_Stored data_
------------------------------

(* Let $m\ge3$ and $s$ be odd positive integers, $n=sm$, and $\Gamma=C_n[mK_1]$. Define $$\sigma_1=(1,1,\dots,1,tc^{-1})r,\qquad \sigma_2=(t,\alpha_2,\alpha_3,\dots,\alpha_n)z \text{ with } \alpha_i=c^{(-1)^{i-1}(2i-3)}\ (2\le i\le n),$$ i.e. $\sigma_2=(t,c^{-1},c^{3},c^{-5},\dots,c^{5},c^{-3})z$, and $G=\langle\sigma_1,\sigma_2\rangle$. Then $\sigma_1$ has order $2n$, $\sigma_2$ has order $2m$, $\sigma_1\sigma_2$ has order $2$, and $|G|=4m^2n$.
   Context: $C_n[mK_1]$ is the graph with vertex set $\{1,\dots,n\}\times\{1,\dots,m\}$ in which $(i_1,j_1)$ is adjacent to $(i_2,j_2)$ if and only if $i_1\equiv i_2\pm1\pmod n$ (residues mod $n$ taken in $\{1,\dots,n\}$). Permutations act on the right ($x\alpha$ is the image of $x$) and products are composed left to right, both in $S_m$ and in $\mathrm{Aut}(\Gamma)$. For $\alpha_1,\dots,\alpha_n\in S_m$ and a permutation $x$ of $\{1,\dots,n\}$ in the dihedral group $D_n=\langle r,z\rangle$, $(\alpha_1,\dots,\alpha_n)x$ denotes the automorphism of $\Gamma$ mapping $(i,j)\mapsto(ix,\,j\alpha_i)$; $1$ denotes an identity permutation. Here $c=(1\,2\,\cdots\,m)\in S_m$; $t\in S_m$ fixes $1$ and maps $j\mapsto m-j+2$ for $2\le j\le m$; $r$ is the permutation $i\mapsto i+1 \pmod n$ of $\{1,\dots,n\}$; and $z$ fixes $1$ and maps $j\mapsto n-j+2$ for $2\le j\le n$. *)

From mathcomp Require Import all_boot all_order all_fingroup.
Set Implicit Arguments. Unset Strict Implicit. Unset Printing Implicit Defensive.

Local Open Scope group_scope.

(* Conventions: the vertex (i,j) of C_n[mK_1], 1<=i<=n, 1<=j<=m, is encoded
   as the pair (i-1, j-1) : 'I_n * 'I_m  (0-based indices).
   MathComp permutations compose left to right: (p * q) x = q (p x),
   matching the paper's convention. *)

Definition adjC (n m : nat) (u v : 'I_n * 'I_m) : bool :=
  ((u.1.+1 %% n) == v.1) || ((v.1.+1 %% n) == u.1).

Fact negmod_subproof k (i : 'I_k) : (k - i) %% k < k.
Proof. by rewrite ltn_pmod // (leq_ltn_trans (leq0n i) (ltn_ord i)). Qed.
Definition negmod k (i : 'I_k) : 'I_k := Ordinal (negmod_subproof i).

Lemma negmodK k : involutive (@negmod k).
Proof.
move=> i; apply/val_inj => /=.
have k0 : 0 < k by rewrite (leq_ltn_trans (leq0n i) (ltn_ord i)).
case: (posnP i) => [->|ip].
  by rewrite subn0 modnn subn0 modnn.
rewrite (@modn_small (k - i)); last by rewrite ltn_subrL ip k0.
by rewrite subKn ?modn_small // ltnW.
Qed.

Lemma negmod_inj k : injective (@negmod k).
Proof. exact: inv_inj (@negmodK k). Qed.

Definition cperm (m : nat) : {perm 'I_m} := perm (@ordS_inj m).
(* t : fixes 1, j |-> m-j+2  (0-based: j |-> -j mod m) *)
Definition tperm_ (m : nat) : {perm 'I_m} := perm (@negmod_inj m).
Definition rperm (n : nat) : {perm 'I_n} := perm (@ordS_inj n).
(* z : fixes 1, i |-> n-i+2 *)
Definition zperm (n : nat) : {perm 'I_n} := perm (@negmod_inj n).

(* (alpha_1,...,alpha_n) x : (i,j) |-> (i x, j alpha_i) *)
Definition wr_fun n m (a : 'I_n -> {perm 'I_m}) (x : {perm 'I_n})
  (v : 'I_n * 'I_m) : 'I_n * 'I_m := (x v.1, a v.1 v.2).

Lemma wr_fun_inj n m a x : injective (@wr_fun n m a x).
Proof.
move=> [i j] [i' j'] [/perm_inj ei]; subst i' => /perm_inj -> //.
Qed.

Definition wr n m a x : {perm 'I_n * 'I_m} := perm (@wr_fun_inj n m a x).

Definition sigma1 (n m : nat) : {perm 'I_n * 'I_m} :=
  wr (fun i : 'I_n => if (i.+1 == n)%N then tperm_ m * (cperm m)^-1 else 1)
     (rperm n).

(* sigma_2 = (t, alpha_2, ..., alpha_n) z,
   alpha_k = c^((-1)^(k-1) (2k-3)) for 2 <= k <= n (k = 1-based index) *)
Definition alpha2 (m : nat) (k : nat) : {perm 'I_m} :=
  if k == 1%N then tperm_ m
  else (if odd (k - 1) then (cperm m)^-1 else cperm m) ^+ (2 * k - 3)%N.

Definition sigma2 (n m : nat) : {perm 'I_n * 'I_m} :=
  wr (fun i : 'I_n => alpha2 m i.+1) (zperm n).

From mathcomp Require Import all_boot all_order all_algebra all_fingroup all_solvable.
From mathcomp Require Import ring zify.
Set Implicit Arguments. Unset Strict Implicit. Unset Printing Implicit Defensive.
Import GRing.Theory Num.Theory.

(* Write n = 2h + 1 and m = 2g + 1.  Conjugating by the twist
   (i, j) |-> (i, (-1)^i j - [i odd]) of Z_n x Z_m turns sigma1 and sigma2 into
   the affine maps (i, j) |-> (i + 1, -j - 1) and (i, j) |-> (-i, -j - 2i).
   The maps (i, j) |-> (+-i + a, +-j + l i + c), well defined because m divides
   n, form a group of order 4 m^2 n; the two affine maps generate it, and their
   orders are read off from closed forms of their powers. *)

Section IntegersMod.
Local Open Scope ring_scope.
Variable k : nat.

Definition ord_of_int (x : int) : 'I_k.+1 := inord `|(x %% k.+1)%Z|%N.

Lemma ord_of_intE x : ord_of_int x = (x %% k.+1)%Z :> int.
Proof.
rewrite /ord_of_int inordK; first by rewrite gez0_abs // modz_ge0.
by rewrite -ltz_nat gez0_abs ?modz_ge0 // ltz_pmod.
Qed.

------------------------------

_INSTRUCTIONS FOR THE TASK_
Write out the line containing "Import GRing.Theory Num.Theory." and every line after it through the end of the entries. Keep each one exactly as it is, and add nothing.

_TASK RESULT_
Import GRing.Theory Num.Theory.

(* Write n = 2h + 1 and m = 2g + 1.  Conjugating by the twist
   (i, j) |-> (i, (-1)^i j - [i odd]) of Z_n x Z_m turns sigma1 and sigma2 into
   the affine maps (i, j) |-> (i + 1, -j - 1) and (i, j) |-> (-i, -j - 2i).
   The maps (i, j) |-> (+-i + a, +-j + l i + c), well defined because m divides
   n, form a group of order 4 m^2 n; the two affine maps generate it, and their
   orders are read off from closed forms of their powers. *)

Section IntegersMod.
Local Open Scope ring_scope.
Variable k : nat.

Definition ord_of_int (x : int) : 'I_k.+1 := inord `|(x %% k.+1)%Z|%N.

Lemma ord_of_intE x : ord_of_int x = (x %% k.+1)%Z :> int.
Proof.
rewrite /ord_of_int inordK; first by rewrite gez0_abs // modz_ge0.
by rewrite -ltz_nat gez0_abs ?modz_ge0 // ltz_pmod.
Qed.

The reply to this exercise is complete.